I know that grief comes in waves, most often unexpectedly. This morning, walking back from class in the rain, I realized that there is a point that I am trying to reach. I think it's the middle ground between the good and the bad memories. It's finding a balance between the times to cry and the times to smile and laugh, maybe even both at the same time.

One of my favorite songs, "Rain" by Jon Heintz, has a more than beautiful way of summing up loss, grieving, and life in the same breath. To me at least. This verse in particular, I think, speaks volumes.

Well, we're given these moments
We're given this time
And we do what we must just, just to get by
Just to stay high and dry
And as sure as these blue skies, well they're gonna turn grey
You've given your angels all of your days
Oh but you can't stay
Duke gave us all of his days. I know that no one gets to stay, but it sure would be nice. Life would be easier. That's not the point of living though, is it? If life was easy, I don't know how much I would learn.

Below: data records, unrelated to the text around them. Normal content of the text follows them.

(* The universal property of the tensor square says that B is generated as a
   ring by i1(L) and i2(L).  As i2(alpha_j) = a_j + i1(alpha_j) and the alpha_j
   generate L over F, every element of B, not only of the kernel of mu, is a
   polynomial over i1(L) in the a_j.
   For (ii) let q = p^(e_i).  The q-th power map is a ring endomorphism of B,
   so it suffices that y^q lies in F[alpha_1^q, ..., alpha_(i-1)^q] for every
   y in L.  Normality gives y^q in k_(i-1), and e_j = e_i + d with d >= 0 for
   j < i.  Adjoining the generators one at a time, the point is: if z lies in
   M(alpha_j), where alpha_j^q is in M and M^(p^d) is in k_(j-1), and if
   z^(p^d) is in k_(j-1), then z = C(alpha_j) with deg C < q, and
   C^(p^d)(X^(p^d)) - z^(p^d) is a polynomial over k_(j-1) of degree
   < p^(e_j) = [k_j : k_(j-1)] vanishing at alpha_j; hence it is zero, C is
   constant and z lies in M. *)

(* The proof of [p \in [pchar R]] is a phantom argument: it is what makes the
   ring morphism structure below canonical. *)
Definition frobenius_pow (R : comNzRingType) (p : nat) of p \in [pchar R] :=
  fun (k : nat) (x : R) => x ^+ (p ^ k).

Section FrobeniusPower.
Variables (R : comNzRingType) (p : nat) (pcharRp : p \in [pchar R]) (k : nat).

Lemma pchar_nat_exp : [pchar R].-nat (p ^ k)%N.
Proof. by rewrite pnatX pnatE ?(pcharf_prime pcharRp) ?pcharRp ?orbT. Qed.

Lemma pchar_exp_gt0 : (0 < p ^ k)%N.
Proof. by rewrite expn_gt0 prime_gt0 ?(pcharf_prime pcharRp). Qed.

Fact frobenius_pow_is_nmod_morphism : nmod_morphism (frobenius_pow pcharRp k).
Proof.
split=> [|x y]; first by rewrite /frobenius_pow expr0n gtn_eqF ?pchar_exp_gt0.
exact: exprDn_pchar pchar_nat_exp.
Qed.

Fact frobenius_pow_is_monoid_morphism :
  monoid_morphism (frobenius_pow pcharRp k).
Proof. by split=> [|x y]; rewrite /frobenius_pow ?expr1n ?exprMn. Qed.

HB.instance Definition _ := GRing.isNmodMorphism.Build R R
  (frobenius_pow pcharRp k) frobenius_pow_is_nmod_morphism.
HB.instance Definition _ := GRing.isMonoidMorphism.Build R R
  (frobenius_pow pcharRp k) frobenius_pow_is_monoid_morphism.

End FrobeniusPower.

Lemma subring_closed_preim (R S : pzRingType) (f : {rmorphism R -> S})
    (A : subringClosed S) :
  subring_closed [preim f of A].
Proof.
split=> [|x y|x y]; rewrite !inE ?rmorph1 ?rpred1 // => Ax Ay.
  by rewrite rmorphB rpredB.
by rewrite rmorphM rpredM.
Qed.

Section AdjoinMorphism.
Variables (F : fieldType) (L : fieldExtType F).

Lemma rmorph_adjoin_seq_mem (R : comNzRingType) (S : semiringClosed R)
    (f : {rmorphism L -> R}) (K : {subfield L}) (s : seq L) :
  {subset K <= [preim f of S]} -> {subset s <= [preim f of S]} ->
  {subset <<K & s>>%VS <= [preim f of S]}.
Proof.
elim: s K => [|x s IHs] K SK Ss y; first by rewrite Fadjoin_nil => /SK.
rewrite adjoin_cons; apply: IHs => [z | z zs]; last first.
  by rewrite Ss ?inE ?zs ?orbT.
case/Fadjoin_polyP=> P /polyOverP PK ->; rewrite inE -horner_map.
apply: rpred_horner; last exact: Ss (mem_head x s).
by apply/polyOverP => i; rewrite coef_map; apply: SK.
Qed.

End AdjoinMorphism.

Section Exponents.
Variables (F : fieldType) (L : fieldExtType F) (p : nat).
Hypothesis pcharLp : p \in [pchar L].

Lemma is_exponent_uniq (K : {vspace L}) x s t :
  is_exponent p K x s -> is_exponent p K x t -> s = t.
Proof.
move=> [Ks minKs] [Kt minKt]; case: (ltngtP s t) => // [/minKt | /minKs].
  by rewrite Ks.
by rewrite Kt.
Qed.

Lemma adjoin_degree_leq_exp (K : {subfield L}) x n :
  (0 < n)%N -> x ^+ n \in K -> (adjoin_degree K x <= n)%N.
Proof.
move=> n_gt0 Kxn; have nz : 'X^n - (x ^+ n)%:P != 0 :> {poly L}.
  by rewrite -size_poly_eq0 size_XnsubC.
have KXn : 'X^n - (x ^+ n)%:P \is a polyOver K.
  by rewrite rpredB ?polyOverXn ?polyOverC.
have root_xn : root ('X^n - (x ^+ n)%:P) x by rewrite rootE !hornerE subrr.
have := dvdp_leq nz (minPoly_dvdp KXn root_xn).
by rewrite size_minPoly size_XnsubC.
Qed.

Lemma adjoin_degree_pchar (K : {subfield L}) x :
  x ^+ p \in K -> x \notin K -> adjoin_degree K x = p.
Proof.
move=> Kxp K'x; have p_gt0 := prime_gt0 (pcharf_prime pcharLp).
apply/eqP; rewrite eqn_leq adjoin_degree_leq_exp //=.
have : ~~ separable_element K x.
  by rewrite (pcharf_p_separable _ _ 0 pcharLp) expn1 (Fadjoin_idP Kxp).
case/separablePn_pchar=> q pcharLq [g _ Dmin].
have /eqP <- : q == p by move: pcharLq; rewrite (pcharf_eq pcharLp).
have : (size (minPoly K x)).-1 = ((size g).-1 * q)%N.
  by rewrite Dmin size_comp_poly size_polyXn.
rewrite size_minPoly /= => deg; have : (0 < adjoin_degree K x)%N by [].
by rewrite deg muln_gt0 => /andP[g_gt0 _]; rewrite leq_pmull.
Qed.

Lemma adjoin_degree_exponent (K : {subfield L}) x e :
  is_exponent p K x e -> adjoin_degree K x = (p ^ e)%N.
Proof.
elim: e x => [|e IHe] x [Kx minKx].
  by apply/eqP; rewrite adjoin_deg_eq1; rewrite expn0 expr1 in Kx.
set y := x ^+ p.
have Ky : is_exponent p K y e.
  by split=> [|t lt_te]; rewrite -exprM -expnS ?minKx.
have K'x : x \notin <<K; y>>%VS.
  apply: contra (minKx 0 isT) => Kyx; rewrite expn0 expr1.
  rewrite -separable_inseparable_element (pcharf_p_separable _ _ 0 pcharLp).
  rewrite expn1 Kyx; apply/purely_inseparable_elementP_pchar.
  by exists (p ^ e.+1)%N; rewrite ?pchar_nat_exp.
have Kyx : <<<<K; y>>; x>>%VS = <<K; x>>%VS.
  rewrite adjoinC; apply/(@Fadjoin_idP _ _ <<K; x>>%AS).
  by rewrite rpredX ?memv_adjoin.
have := dim_Fadjoin <<K; y>>%AS x.
rewrite /= Kyx (@adjoin_degree_pchar <<K; y>>%AS) ?memv_adjoin //.
rewrite !dim_Fadjoin (IHe y) // mulnA -expnS.
by move/eqP; rewrite eqn_pmul2r ?adim_gt0 // => /eqP.
Qed.

Lemma exponent_poly_eq0 (K : {subfield L}) x e (Q : {poly L}) :
  is_exponent p K x e -> Q \is a polyOver K -> root Q x ->
  (size Q <= p ^ e)%N -> Q = 0.
Proof.
move=> expKx KQ rootQ; apply: contraTeq => nzQ; rewrite -ltnNge.
have := dvdp_leq nzQ (minPoly_dvdp KQ rootQ).
by rewrite size_minPoly (adjoin_degree_exponent expKx).
Qed.

Definition exponent_le (K : {vspace L}) s := forall y : L, y ^+ (p ^ s) \in K.

Definition normal_exponent (K : {vspace L}) x s :=
  is_exponent p K x s /\ exponent_le K s.

Lemma Fadjoin_exponent_pow_mem (E M : {subfield L}) x e d z :
    is_exponent p E x (e + d) -> x ^+ (p ^ e) \in M ->
    {subset M <= [preim frobenius_pow pcharLp d of E]} ->
  z \in <<M; x>>%VS -> z ^+ (p ^ d) \in E -> z \in M.
Proof.
move=> expEx Mxq ME Mxz Ezr.
pose q := (p ^ e)%N; pose r := (p ^ d)%N; pose C := Fadjoin_poly M x z.
have q_gt0 : (0 < q)%N := pchar_exp_gt0 pcharLp e.
have r_gt0 : (0 < r)%N := pchar_exp_gt0 pcharLp d.
have sizeC : (size C <= q)%N.
  apply: leq_trans (size_Fadjoin_poly _ _ _) _.
  exact: adjoin_degree_leq_exp q_gt0 Mxq.
pose Cr := map_poly (frobenius_pow pcharLp d) C.
have sizeCrX : (size (Cr \Po 'X^r)).-1 = ((size C).-1 * r)%N.
  by rewrite size_comp_poly size_polyXn size_map_poly.
have : Cr \Po 'X^r - (z ^+ r)%:P = 0.
  apply: (exponent_poly_eq0 expEx).
  - rewrite rpredB ?polyOverC // polyOver_comp ?polyOverXn //.
    apply/polyOverP => i; rewrite coef_map; apply: ME.
    exact: (polyOverP (Fadjoin_polyOver _ _ _)).
  - rewrite rootE !hornerE horner_comp hornerXn.
    rewrite [x ^+ r]/(frobenius_pow pcharLp d x) horner_map.
    by rewrite Fadjoin_poly_eq ?subrr.
  apply: leq_trans (size_polyD _ _) _; rewrite size_polyN size_polyC expnD.
  rewrite geq_max (leq_trans (leq_b1 _)) ?muln_gt0 ?q_gt0 // andbT.
  apply: leq_trans (leqSpred _) _; rewrite sizeCrX ltn_mul2r r_gt0.
  by move: sizeC q_gt0; case: (size C).
move/eqP; rewrite subr_eq0 => /eqP CrX.
have : ((size C).-1 * r)%N = 0%N.
  by rewrite -sizeCrX CrX size_polyC; case: (_ != 0).
move/eqP; rewrite muln_eq0 (gtn_eqF r_gt0) orbF -subn1 subn_eq0.
move=> /size1_polyC C0.
rewrite -(Fadjoin_poly_eq Mxz) -/C C0 hornerC.
exact: (polyOverP (Fadjoin_polyOver _ _ _)).
Qed.

Lemma adjoin_seq_exponent_pow_mem (E : {subfield L}) (s : seq L) e :
    (forall k, (k < size s)%N -> exists2 ek, (e <= ek)%N &
       normal_exponent <<E & take k s>> (nth 0 s k) ek) ->
  forall x, x ^+ (p ^ e) \in <<E & s>>%VS ->
  x ^+ (p ^ e) \in <<E & [seq (y ^+ (p ^ e))%R | y <- s]>>%VS.
Proof.
elim: s E => [|x0 s IHs] E normal_s x //.
have [e0 le_e_e0 [expEx0 boundE]] := normal_s 0%N isT.
rewrite take0 Fadjoin_nil /= in expEx0 boundE.
have [d De0] : exists d, e0 = (e + d)%N by exists (e0 - e)%N; rewrite subnKC.
subst e0; pose M := <<E & [seq (y ^+ (p ^ e))%R | y <- x0 :: s]>>%AS.
rewrite adjoin_cons => /(IHs <<E; x0>>%AS) Ex0sx.
have {Ex0sx} Mx0x : x ^+ (p ^ e) \in <<M; x0>>%VS.
  apply: subvP _ _ (Ex0sx _) => [|k lt_ks]; last first.
    have [ek le_e_ek] := normal_s k.+1 lt_ks.
    by exists ek; rewrite -?adjoin_cons.
  rewrite -adjoin_cons -adjoin_rcons; apply: adjoin_seqSr => z.
  by rewrite mem_rcons !inE => /predU1P[-> | ->]; rewrite ?eqxx ?orbT.
apply: (Fadjoin_exponent_pow_mem expEx0) Mx0x _.
- exact: seqv_sub_adjoin (mem_head _ _).
- apply: rmorph_adjoin_seq_mem => [y Ey | _ /mapP[y _ ->]]; rewrite inE.
    exact: rpredX.
  by rewrite /= /frobenius_pow -exprM -expnD boundE.
- by rewrite -exprM -expnD boundE.
Qed.

End Exponents.

Section NormalGeneratingSequence.
Variables (F : fieldType) (L : fieldExtType F) (p : nat).
Hypotheses (pcharLp : p \in [pchar L])
  (insep : purely_inseparable (1%VS : {vspace L}) fullv).

Lemma normal_in_exponent (K : {subfield L}) x s :
  normal_in p K x -> is_exponent p K x s -> normal_exponent p K x s.
Proof.
move=> [s' [expKx max_s']] expKxs; rewrite (is_exponent_uniq expKxs expKx).
split=> // y; have : purely_inseparable_element K y.
  exact: sub_inseparable (sub1v K) (purely_inseparableP insep y (memvf y)).
case/purely_inseparable_elementP_pchar=> n pcharLn Kyn.
have /p_natP[m Dn] : p.-nat n by rewrite -(eq_pnat _ (pcharf_eq pcharLp)).
have ex_t : exists t, y ^+ (p ^ t) \in K by exists m; rewrite -Dn.
case: (ex_minnP ex_t) => t Kyt min_t.
have expKyt : is_exponent p K y t.
  by split=> // u lt_ut; apply/negP => /min_t; rewrite leqNgt lt_ut.
by rewrite -(subnKC (max_s' _ _ expKyt)) expnD exprM rpredX.
Qed.

Variables (l : nat) (alpha : l.-tuple L) (e : 'I_l -> nat).
Hypotheses (normal_alpha : normal_generating_sequence p alpha)
  (exps : exponent_sequence p alpha e).

Lemma kpref_normal_exponent (j : 'I_l) :
  normal_exponent p (kpref alpha j) (tnth alpha j) (e j).
Proof.
exact: (@normal_in_exponent <<1 & take j alpha>>%AS _ _
  (normal_alpha.1 j).1 (exps j)).
Qed.

Lemma kprefS (i j : nat) : (i <= j)%N -> (kpref alpha i <= kpref alpha j)%VS.
Proof.
move=> le_ij; apply: adjoin_seqSr.
by rewrite -(take_takel _ le_ij); apply: mem_take.
Qed.

Lemma exponent_sequence_nonincr (i j : 'I_l) : (i <= j)%N -> (e j <= e i)%N.
Proof.
move=> le_ij; rewrite leqNgt; apply/negP => /(kpref_normal_exponent j).1.2.
by rewrite (subvP (kprefS le_ij)) ?(kpref_normal_exponent i).2.
Qed.

Lemma exponent_pow_mem_adjoin_pow (i : 'I_l) y :
  y ^+ (p ^ e i) \in <<1 & [seq (z ^+ (p ^ e i))%R | z <- take i alpha]>>%VS.
Proof.
apply: (@adjoin_seq_exponent_pow_mem _ _ _ pcharLp 1%AS (take i alpha));
  last exact: (kpref_normal_exponent i).2 y.
have size_take_i : size (take i alpha) = i.
  by rewrite size_takel // size_tuple ltnW.
move=> k; rewrite size_take_i => lt_ki; have le_ki := ltnW lt_ki.
have lt_kl : (k < l)%N := ltn_trans lt_ki (ltn_ord i).
exists (e (Ordinal lt_kl)).
  exact: (@exponent_sequence_nonincr (Ordinal lt_kl) i).
rewrite take_takel // nth_take //.
by have := kpref_normal_exponent (Ordinal lt_kl); rewrite (tnth_nth 0).
Qed.

End NormalGeneratingSequence.

Lemma mem_take_tnth (T : eqType) n (t : n.-tuple T) (i : 'I_n) z :
  z \in take i t ->
  exists j : 'I_i, z = tnth t (widen_ord (ltnW (ltn_ord i)) j).
Proof.
have size_take_i : size (take i t) = i by rewrite size_takel // size_tuple ltnW.
case/(nthP z) => k; rewrite size_take_i => lt_ki <-.
by exists (Ordinal lt_ki); rewrite nth_take // (tnth_nth z).
Qed.

Section MpolyValues.
Variables (F : fieldType) (L : fieldExtType F) (R : comNzRingType).
Variables (f : {rmorphism L -> R}) (n : nat) (v : 'I_n -> R).

Definition mpoly_values : pred R :=
  fun b => `[< exists P : {mpoly L[n]}, b = (map_mpoly f P).@[v] >].

Lemma mpoly_values_subring_closed : subring_closed mpoly_values.
Proof.
split=> [|_ _ /asboolP[P ->] /asboolP[Q ->]|_ _ /asboolP[P ->] /asboolP[Q ->]];
  apply/asboolP.
- by exists 1; rewrite rmorph1 meval1.
- by exists (P - Q); rewrite rmorphB mevalB.
- by exists (P * Q); rewrite rmorphM mevalM.
Qed.

HB.instance Definition _ :=
  GRing.isSubringClosed.Build R mpoly_values mpoly_values_subring_closed.

Lemma mpoly_values_rmorph x : f x \in mpoly_values.
Proof. by apply/asboolP; exists x%:MP; rewrite map_mpolyC mevalC. Qed.

Lemma mpoly_values_var j : v j \in mpoly_values.
Proof. by apply/asboolP; exists 'X_j; rewrite map_mpolyX mevalXU. Qed.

For now though, I'm happy knowing Duke is safe and with God. I both can and can't wait for the time when I get to be greeted by him when I arrive home.

3 comments:

s-p said...

I often miss my old dogs like this. But I keep getting new ones that I know I'll miss in special ways too. Love trumps loss in the end I guess.

Mary said...

Your post brought tears to my eyes. My first dog as an adult was a "Duke", but he was a pit bull. Sweetest dog on the face of the earth.

Sr. Ann Marie said...

Hang on to your memories, Ashley. I think they are God's gift to us--and maybe in ways that we can't understand, the tears are God's gift also!